According to well-placed sources at tnawrestlingnews.com, Jeff Hardy's court date has once again been delayed. A few days ago, he appeared in the Moore County courthouse with his lawyer and was once again able to delay his trial, this time to June 3. And I, for one, hope it gets delayed one more time -- I'm more than likely going to a TNA house show on June 5, and I want to see Jeff Hardy, dammit!
I mean, really. Intent to sell? The guy's made some huge bank with WWE, why in the world would he have any reason to sell drugs? It does not make sense! In fact, here's how I imagine the trial going down in my head:
Awesome Jeff Hardy Lawyer: Ladies and gentlemen of this supposed jury, I have one final thing I want you to consider. Ladies and gentlemen, this is Chewbacca.
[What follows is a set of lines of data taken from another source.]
Theorem proposition3p2 (R : rcfType) (Nx NH : nat)
  (T0 eps tau0 dt : R) (dx rho : 'I_Nx -> R)
  (D : nat -> nat -> 'I_Nx -> R) (om : nat -> 'I_Nx -> R)
  (hT0 : 0 < T0) (heps : 0 < eps) (htau0 : 0 < tau0) (hdt : 0 < dt)
  (hNH : (1 <= NH)%N)
  (hdx : forall j, 0 < dx j) (hrho : forall j, 0 < rho j)
  (* equation for k = 1 (D_{NH+1} = 0 convention if NH = 1) *)
  (eq1 : forall n j,
     eps * ((D n.+1 1%N j - D n 1%N j) / dt)
     + Ah T0 dx rho (D n.+1 0%N) j
     - (if NH == 1%N then 0
        else Num.sqrt 2%:R * Ahstar T0 dx rho (D n.+1 2%N) j)
     + Ah T0 dx rho (om n.+1) j
     = - (1 / tau0) * D n.+1 1%N j)
  (* equations for k in {0..NH} \ {1}, with D_{-1} = D_{NH+1} = 0 *)
  (eqk : forall n (k : nat), (k <= NH)%N -> k <> 1%N -> forall j,
     eps * ((D n.+1 k j - D n k j) / dt)
     + (if k == 0%N then 0
        else Num.sqrt k%:R * Ah T0 dx rho (D n.+1 k.-1) j)
     - (if k == NH then 0
        else Num.sqrt k.+1%:R * Ahstar T0 dx rho (D n.+1 k.+1) j)
     = - (k%:R / tau0) * D n.+1 k j)
  (* Poisson-type equation for omega, for all n >= 0 *)
  (pois : forall n j,
     Ahstar T0 dx rho (fun i => (rho i)^-1 * Ah T0 dx rho (om n) i) j
     = D n 0%N j - Num.sqrt (rho j))
  (mean0 : forall n,
     \sum_(j < Nx) dx j * om n j * (Num.sqrt (rho j))^-1 = 0) :
  forall n : nat,
    (energy T0 NH dx rho D om n.+1 - energy T0 NH dx rho D om n) / dt
    + dt * Rh T0 dt NH dx rho D om n
    = - (1 / (eps * tau0)) *
        \sum_(1 <= k < NH.+1) k%:R * normT2 dx (D n.+1 k)
    /\ 0 <= Rh T0 dt NH dx rho D om n.
Proof.
move=> n; have dt_neq0 : dt != 0 by rewrite gt_eqF.
split; last exact: Rh_ge0.
have step : forall k, (k <= NH)%N -> forall j,
    eps * ((D n.+1 k j - D n k j) / dt)
    + (if k == 0%N then 0 else Num.sqrt k%:R * Ah T0 dx rho (D n.+1 k.-1) j)
    - (if k == NH then 0 else Num.sqrt k.+1%:R * Ahstar T0 dx rho (D n.+1 k.+1) j)
    + (if k == 1%N then Ah T0 dx rho (om n.+1) j else 0)
    = - (k%:R / tau0) * D n.+1 k j.
  move=> k k_le j; case: (k =P 1%N) => [->|k_neq1]; last by rewrite addr0 eqk.
  by rewrite /= sqrtr1 mul1r eq_sym eq1.
(* eps/dt (E^{n+1} - E^n + dt^2 R_h^n) = dissipation; divide by eps/dt. *)
have balance := one_step_balance hdx hrho hT0 hNH step (pois n.+1) (pois n).
rewrite -(energy_increment NH T0 dx D om hrho dt_neq0) in balance.
set dE := energy _ _ _ _ _ _ n.+1 - _ in balance *.
set Rn := Rh _ _ _ _ _ _ _ n in balance *.
have eps_neq0 : eps != 0 by rewrite gt_eqF.
have -> : dE / dt + dt * Rn = eps^-1 * (eps / dt * (dE + dt ^+ 2 * Rn)).
  by field; rewrite eps_neq0 dt_neq0.
by rewrite balance; field; rewrite eps_neq0 gt_eqF.
Qed.
(* Let $a,c,p\in\mathbb{C}$ with $-c\notin\mathbb{N}\cup\{0\}$ and $c\neq2$. Write $\cos(pz)M(a,c;z)=\sum_{n=0}^\infty u_nz^n$, $z\in\mathbb{C}$. Then $u_0=1$, $u_1=\frac ac$, $u_2=\frac12\left(\frac{a^2+a}{c^2+c}-p^2\right)$, $u_3=\frac{a}{6c}\left(\frac{(a+1)(a+2)}{(c+1)(c+2)}-3p^2\right)$, \[ u_4=\frac1{24}\left(-\frac{6a(a+1)p^2}{c(c+1)}+\frac{a(a+1)(a+2)(a+3)}{c(c+1)(c+2)(c+3)}+p^4\right), \] \[ u_5=\frac{a}{120c}\left(-\frac{10(a+1)(a+2)p^2}{(c+1)(c+2)}+\frac{(a+1)(a+2)(a+3)(a+4)}{(c+1)(c+2)(c+3)(c+4)}+5p^4\right), \] and for all integers $n\ge5$, \[ u_{n+1}=\sum_{i=0}^5\beta_i(n)u_{n-i}, \] where, with $D(n)=(c-2)c\,n(n+1)(c+n-1)(c+n)$, \[ \beta_0(n)=\frac{2\left(a\left(c^2-2cn+c-2(n-2)^2\right)+c(n-1)(2c+n-5)\right)}{(c-2)c(n+1)(c+n)}, \] \[ \beta_1(n)=\frac{1}{D(n)}\Big[-(n-4)(n-3)(n-2)(n-1)(4p^2+1)+2(n-3)(n-2)(n-1)\big(4a-c(4p^2+3)\big) +(n-2)(n-1)\big(8a^2+a(4c+6)-6c((c-2)p^2+c)+c\big) +2(n-1)\big(a^2(4c-2)-3a(c-1)c+c(-c^2+c+2)p^2\big) -(c-2)\big(a^2(c+2)-ac+c^2(c+1)p^2\big)\Big], \] \[ \beta_2(n)=\frac{1}{D(n)}\Big[-2p^2(c-3)\big(a(3c+8)-2c^2+c-32\big)+2p^2\big(n(-10a+c(3c-31)+104)+6(c-6)n^2+4n^3\big) -2(a+n-3)\big(2a^2-a(c-2n+3)-(n-2)(2c+n-4)\big)\Big], \] \[ \beta_3(n)=-\frac{1}{D(n)}\Big[p^2\big(12a^2-2a(6c+5)+c(6c-1)\big)+2(n-3)\big(a+c(4p^2+3)p^2\big) +(a-1)a+5(c-2)cp^4+(n-4)(n-3)(8p^4+6p^2+1)\Big], \] \[ \beta_4(n)=\frac{2p^2\left(p^2(-6a+5c+4(n-4))-3a+2c+n-4\right)}{D(n)},\qquad \beta_5(n)=-\frac{p^2(4p^4+5p^2+1)}{D(n)}. \]
   Context: For $a\in\mathbb{C}$, $(a)_n=a(a+1)\cdots(a+n-1)$ denotes the Pochhammer symbol, with $(a)_0=1$. For $a,c\in\mathbb{C}$ with $-c\notin\mathbb{N}\cup\{0\}$, the confluent hypergeometric (Kummer) function is $M(a,c;z)=\sum_{n=0}^\infty \frac{(a)_n}{(c)_n\,n!}z^n$, $z\in\mathbb{C}$. *)

From Stdlib Require Import Reals Factorial.
From Coquelicot Require Import Coquelicot.
(* Let $x=[a_1,\ldots,a_t,\ldots]\in(0,1)$ be irrational, and let $q_i=q_i(x)$ denote the denominator of the $i$-th convergent $p_i/q_i=[0;a_1,\ldots,a_i]$. Then for every nonzero $\delta$ of sufficiently small absolute value there exists $t=t(x,\delta)$ such that $$\frac{g_{\varphi^{-1}}(x+\delta)-g_{\varphi^{-1}}(x)}{\delta}\ge\frac{q_tq_{t-1}}{\varphi^{S^{\varphi}_t(x)+7}},\qquad \frac{g_{\tau}(x+\delta)-g_{\tau}(x)}{\delta}\ge\frac{q_tq_{t-1}}{\varphi^{S^{\tau}_t(x)+9}}.$$
   Context: $\varphi=\frac{1+\sqrt5}2$, $\tau=\varphi^{-2}$. For irrational $x=[0;a_1,a_2,\ldots]$: $S^{\varphi}_t(x)=a_1+2a_2+a_3+2a_4+\cdots$ ($t$ terms, coefficient $1$ on odd and $2$ on even indices) and $S^{\tau}_t(x)=2a_1+a_2+2a_3+a_4+\cdots$ ($t$ terms, coefficient $2$ on odd and $1$ on even indices). For $\lambda\in(0,1)$, $g_\lambda:[0,1]\to[0,1]$ is defined by $g_\lambda(0)=0$, $g_\lambda(1)=1$, $g_\lambda\!\left(\frac{p+r}{q+s}\right)=(1-\lambda)g_\lambda(\frac pq)+\lambda g_\lambda(\frac rs)$ for consecutive Farey fractions $\frac pq<\frac rs$ at which it is already defined, and continuity; for irrational $x$, $g_{\varphi^{-1}}(x)=\sum_{i\ge1}(-1)^{i-1}\varphi^{-(S^{\varphi}_i(x)-1)}$ and $g_\tau(x)=\sum_{i\ge1}(-1)^{i-1}\varphi^{-(S^{\tau}_i(x)-2)}$. *)

From Stdlib Require Import Reals Lra Lia ZArith.
Open Scope R_scope.

Definition phi : R := (1 + sqrt 5) / 2.
Definition tau : R := / (phi ^ 2).

Definition irrational (x : R) : Prop :=
  forall (p q : Z), q <> 0%Z -> x <> IZR p / IZR q.

Definition floorZ (x : R) : Z := Int_part x.
Lemma sqr_discr0 : ~~ odd N -> (discr b a).[0] ^+ 2 = 4.
Proof.
(* With N = 2(m+1), the monodromy at 0 is T_N X T_(m+1) Y where, by
   reflection, Y is a multiple of the transpose of X. *)
move=> N_even; have [m eN] : exists m, N = (m.+1).*2.
  by exists (N./2).-1; move: (odd_double_half N); rewrite (negbTE N_even); lia.
have [c reflm] := @transfer_prod_reflect m 0 (ltac:(lia)).
rewrite oppr0 (_ : 2 * N - m = m.+2 + N)%N ?transfer_prod_addN // in reflm; last by lia.
have rotN : transfer b a N 0 = rot2 R.
  apply: transfer0_rot; first lia.
  by rewrite (_ : 2 * N - N = N)%N //; lia.
have rotm : transfer b a m.+1 0 = rot2 R.
  apply: transfer0_rot; first lia.
  by rewrite (_ : 2 * N - m.+1 = m.+1 + N)%N ?modnDr //; lia.
have := det_monodromy N_gt0 a_gt0 0 (isT : 0 < 1)%N.
rewrite horner_discr.
have -> : transfer_prod b a 1 N 0 = transfer_prod b a 1 (m + m.+2) 0.
  by have -> : (m + m.+2 = N)%N by lia.
rewrite transfer_prod_mid add1n.
have -> : (m.+1 + m.+1 = N)%N by lia.
rewrite reflm rotN rotm rot2_conj_tr => <-.
by rewrite sqr_trace2_scalar mulr_natl.
Qed.

End Reflection.

Section Degree.
Variables (R : realType) (N : nat) (b a : 'I_N -> R).

Lemma size_ypairS y0 y1 n m : (size (ypair b a y0 y1 n).1 <= m)%N ->
  (size (ypair b a y0 y1 n).2 <= m.+1)%N ->
  (size (ypair b a y0 y1 n.+1).1 <= m.+1)%N /\ (size (ypair b a y0 y1 n.+1).2 <= m.+2)%N.
Proof.
move=> size1 size2; split => //=.
apply: leq_trans (size_scale_leq _ _) _.
apply: leq_trans (size_polyD _ _) _; rewrite size_polyN geq_max; apply/andP; split.
  by apply: leq_trans (size_polyMleq _ _) _; rewrite size_XsubC add2n.
by apply: leq_trans (size_scale_leq _ _) _; apply: leq_trans size1 _; lia.
Qed.

Lemma size_y1 n : (0 < n)%N -> (size (y1 b a n) <= n)%N.
Proof.
case: n => // n _; rewrite /y1 /ysol.
suff [] : (size (ypair b a 1 0 n.+1).1 <= n)%N /\ (size (ypair b a 1 0 n.+1).2 <= n.+1)%N.
  by move=> ? _; lia.
elim: n => [|n [size1 size2]]; last exact: size_ypairS.
split=> /=; first by rewrite size_poly0.
rewrite mulr0 sub0r; apply: leq_trans (size_scale_leq _ _) _.
by rewrite size_polyN; apply: leq_trans (size_scale_leq _ _) _; rewrite size_poly1.
Qed.

Hypothesis N_gt0 : (0 < N)%N.
Hypothesis a_gt0 : in_M b a.

Lemma size_y2 n : size (ypair b a 0 1 n).1 = n /\ size (ypair b a 0 1 n).2 = n.+1.
Proof.
elim: n => [|n [size1 size2]] /=; first by rewrite size_poly0 size_poly1.
split => //.
have y2_neq0 : ('X - (per b n.+1)%:P) * (ypair b a 0 1 n).2 != 0.
  by rewrite mulf_eq0 negb_or polyXsubC_eq0 -size_poly_eq0 size2.
rewrite size_scale ?invr_eq0 ?(per_neq0 N_gt0 a_gt0) // size_polyDl.
  by rewrite size_mul ?polyXsubC_eq0 -?size_poly_eq0 ?size2 // size_XsubC.
rewrite size_polyN; apply: leq_ltn_trans (size_scale_leq _ _) _.
by rewrite size_mul ?polyXsubC_eq0 -?size_poly_eq0 ?size2 // size_XsubC size1.
Qed.

Lemma size_discr : size (discr b a) = N.+1.
Proof.
have [_ size2] := size_y2 N.
rewrite /discr addrC size_polyDl /y2 /ysol /= size2 // ltnS.
exact: size_y1.
Qed.

Lemma discr_sqr_sub4_neq0 : (discr b a) ^+ 2 - 4%:P != 0.
Proof.
have discr_neq0 : discr b a != 0 by rewrite -size_poly_eq0 size_discr.
rewrite -size_poly_eq0 size_polyDl expr2 size_mul // size_discr //; first lia.
by rewrite size_polyN; apply: leq_ltn_trans (size_polyC_leq1 _) _; lia.
Qed.

End Degree.

Lemma lambdas_spec (R : realType) (N : nat) (b a : 'I_N -> R) :
  lambdas b a = [::] \/ is_root_list b a (lambdas b a).
Proof.
have [[s rl]|no_rl] := pselect (exists s, is_root_list b a s).
  by right; apply: (xgetPex [::] (P := [set s | is_root_list b a s])); exists s.
by left; rewrite /lambdas xgetPN // => s rl; apply: no_rl; exists s.
Qed.

Section Spectrum.
Variables (R : realType) (N : nat) (b a : 'I_N -> R).
Hypothesis N_gt0 : (0 < N)%N.
Hypothesis a_gt0 : in_M b a.

Lemma horner_discr_sqr_sub4 x :
  ((discr b a) ^+ 2 - 4%:P).[x] = (discr b a).[x] ^+ 2 - 4.
Proof. by rewrite hornerD hornerN horner_exp hornerC. Qed.

Lemma mem_root_list s x :
  is_root_list b a s -> (discr b a).[x] ^+ 2 = 4 -> x \in s.
Proof.
case=> _ _ prod_roots discrx.
have := horner_discr_sqr_sub4 x; rewrite discrx subrr prod_roots hornerZ.
move/eqP; rewrite mulf_eq0 lead_coef_eq0 (negbTE (discr_sqr_sub4_neq0 N_gt0 a_gt0)) /=.
by rewrite -root_prod_XsubC.
Qed.

Hypothesis S_fixed : Sinv (b, a) = (b, a).

Lemma root_list_reflect s : is_root_list b a s -> s = rev (map -%R s).
Proof.
case=> s_sorted size_s prod_roots.
set P := (discr b a) ^+ 2 - 4%:P in prod_roots.
have lc_neq0 : lead_coef P != 0 by rewrite lead_coef_eq0 discr_sqr_sub4_neq0.
have prod_horner z : (\prod_(x <- s) ('X - x%:P)).[z] = \prod_(x <- s) (z - x).
  by rewrite horner_prod; apply: eq_bigr => x _; rewrite hornerXsubC.
have P_horner z : P.[z] = lead_coef P * \prod_(x <- s) (z - x).
  by rewrite {1}prod_roots hornerZ prod_horner.
have : \prod_(x <- s) ('X - x%:P) = \prod_(x <- rev (map -%R s)) ('X - x%:P).
  apply: poly_horner_eq => y; apply: (mulfI lc_neq0).
  have -> : (\prod_(x <- rev (map -%R s)) ('X - x%:P)).[y] = \prod_(x <- s) - (- y - x).
    rewrite horner_prod big_rev big_map; apply: eq_bigr => x _.
    by rewrite hornerXsubC opprD !opprK.
  rewrite prod_horner -P_horner /P horner_discr_sqr_sub4 -sqr_discrN //.
  rewrite -horner_discr_sqr_sub4 -/P P_horner prodrN_seq size_s.
  by rewrite mulnC exprM sqrr_sign mul1r.
move/prod_XsubC_eq; apply: (sorted_eq le_trans le_anti) => //.
by rewrite rev_sorted sorted_map; apply: sub_sorted s_sorted => x y /=; rewrite lerN2.
Qed.

Lemma lam_reflect j : (0 < j <= 2 * N)%N -> lam b a j = - lam b a (2 * N + 1 - j).
Proof.
case/andP=> j_gt0 le_j2N; rewrite /lam.
have [->|rl] := lambdas_spec b a; first by rewrite !nth_nil oppr0.
have [_ size_l _] := rl.
rewrite (nth_rev_opp (root_list_reflect rl)) size_l; last by lia.
by congr (- nth _ _ _); lia.
Qed.

Lemma lam_mid_eq0 : ~~ odd N -> lam b a N = 0 /\ lam b a N.+1 = 0.
Proof.
move=> N_even.
have lamN : lam b a N = - lam b a N.+1.
  by rewrite lam_reflect; [congr (- lam _ _ _); lia | lia].
suff lamN0 : lam b a N = 0 by split => //; move: lamN; rewrite lamN0; lra.
move: lamN; rewrite /lam /=.
have [->|rl] := lambdas_spec b a; first by rewrite !nth_nil.
have [sorted_l size_l _] := rl.
move=> lamN; apply: (@sorted_nth_opp_eq0 _ _ N.-1) => //.
- exact: mem_root_list rl (sqr_discr0 N_gt0 a_gt0 S_fixed N_even).
- by rewrite prednK // size_l; lia.
- by rewrite prednK.
Qed.

End Spectrum.

Section Actions.
Variables (R : realType) (N : nat) (b a : 'I_N -> R).

Lemma action_eq0 k : lam b a (2 * k) = lam b a (2 * k).+1 -> action b a k = 0.
Proof. by move=> lam_eq; rewrite /action lam_eq set_itv1 Rintegral_set1 mulr0. Qed.

Lemma action_reflect k l :
  (forall x, `|(discr b a).[- x]| = `|(discr b a).[x]|) ->
  lam b a (2 * l) = - lam b a (2 * k).+1 -> lam b a (2 * l).+1 = - lam b a (2 * k) ->
  action b a k = action b a l.
Proof.
move=> discr_even lam_l lam_l1; rewrite /action lam_l lam_l1.
rewrite [in RHS]Rintegral_itv_reflect ?opprK //; last exact: measurable_arcosh_horner.
congr (_ * Rintegral _ _ _); apply: funext => t.
by rewrite !normrM discr_even.
Qed.

End Actions.

Theorem corollary4p3 (R : realType) (N : nat) (b a : 'I_N -> R) :
  (2 <= N)%N -> in_M b a -> Sinv (b, a) = (b, a) ->
  [/\ (forall k : nat, (1 <= k <= N - 1)%N -> action b a k = action b a (N - k)),
      (forall j : nat, (1 <= j <= 2 * N)%N -> lam b a j = - lam b a (2 * N + 1 - j)) &
      (~~ odd N -> [/\ action b a (N./2) = 0, lam b a N = 0 & lam b a N.+1 = 0])].
Proof.
move=> le2N a_gt0 S_fixed; have N_gt0 : (0 < N)%N by lia.
have lamS := lam_reflect N_gt0 a_gt0 S_fixed.
split=> //.
- move=> k k_range; apply: action_reflect (normr_discrN N_gt0 a_gt0 S_fixed) _ _.
  + by rewrite lamS; [congr (- lam _ _ _) | ]; lia.
  + by rewrite [in RHS]lamS ?opprK; [congr (lam _ _ _) | ]; lia.
- move=> N_even; have [lamN lamN1] := lam_mid_eq0 N_gt0 a_gt0 S_fixed N_even.
  have N2 : (2 * N./2 = N)%N.
    by move: (odd_double_half N); rewrite (negbTE N_even) add0n -mul2n.
  by split=> //; apply: action_eq0; rewrite N2 lamN lamN1.
Qed.
Lemma ext1_cycle4_free_of_graphs A (L : seq A -> Prop) m : factor_closed L ->
  (forall w, m <= size w -> L w -> cycle4_free (lext L 1 w) (rext L 1 w) (bext L w)) ->
  ext1_cycle4_free L m.
Proof.
move=> L_fact no4 z a a' b b' mz na nb; rewrite -!cats1 => Lab Lab' La'b La'b'.
have Lz : L z.
  move: Lab => /(factor_closed_suffix L_fact (x := [:: a])).
  by move=> /(factor_closed_prefix L_fact).
apply: (no4 z mz Lz [:: a] [:: a'] [:: b] [:: b']) => //; try by case.
- by split=> //; apply: (factor_closed_prefix L_fact (y := [:: b])); rewrite -catA.
- by split=> //; apply: (factor_closed_prefix L_fact (y := [:: b])); rewrite -catA.
- by split=> //; apply: (factor_closed_suffix L_fact (x := [:: a])).
- by split=> //; apply: (factor_closed_suffix L_fact (x := [:: a])).
Qed.

Section ExtensionGraphs.
Variables (A : Type) (L : seq A -> Prop) (k N : nat).
Hypotheses (L_fact : factor_closed L) (L_ext : extendable L).
Hypotheses (jointR : joint_right_extensions L k N) (jointL : joint_left_extensions L k N).

Let prefix x y : L (x ++ y) -> L x := @factor_closed_prefix _ _ L_fact x y.
Let suffix x y : L (x ++ y) -> L y := @factor_closed_suffix _ _ L_fact x y.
Chewbacca is a Wookiee from the planet Kashyyyk. But Chewbacca lives on the planet Endor. Now think about it; that does not make sense!
Asshole State Prosecutor: Damn it!... He's using the Chewbacca defense!
Awesome Jeff Hardy Lawyer: Why would a Wookiee, an eight-foot tall Wookiee, want to live on Endor, with a bunch of two-foot tall Ewoks? That does not make sense! But more important, you have to ask yourself: What does this have to do with this case? Nothing. Ladies and gentlemen, it has nothing to do with this case! It does not make sense! Look at me. I'm a lawyer defending a world renowned Professional Wrestling superstar, and I'm talkin' about Chewbacca! Does that make sense? Ladies and gentlemen, I am not making any sense! None of this makes sense! And so you have to remember, when you're in that jury room deliberatin' and conjugatin' the Emancipation Proclamation, does it make sense? No! Ladies and gentlemen of this supposed jury, it does not make sense! If Chewbacca lives on Endor, you must acquit! The defense rests.
And then the Judge lets him off. Cause, I mean, really. IT DOES NOT. MAKE. SENSE.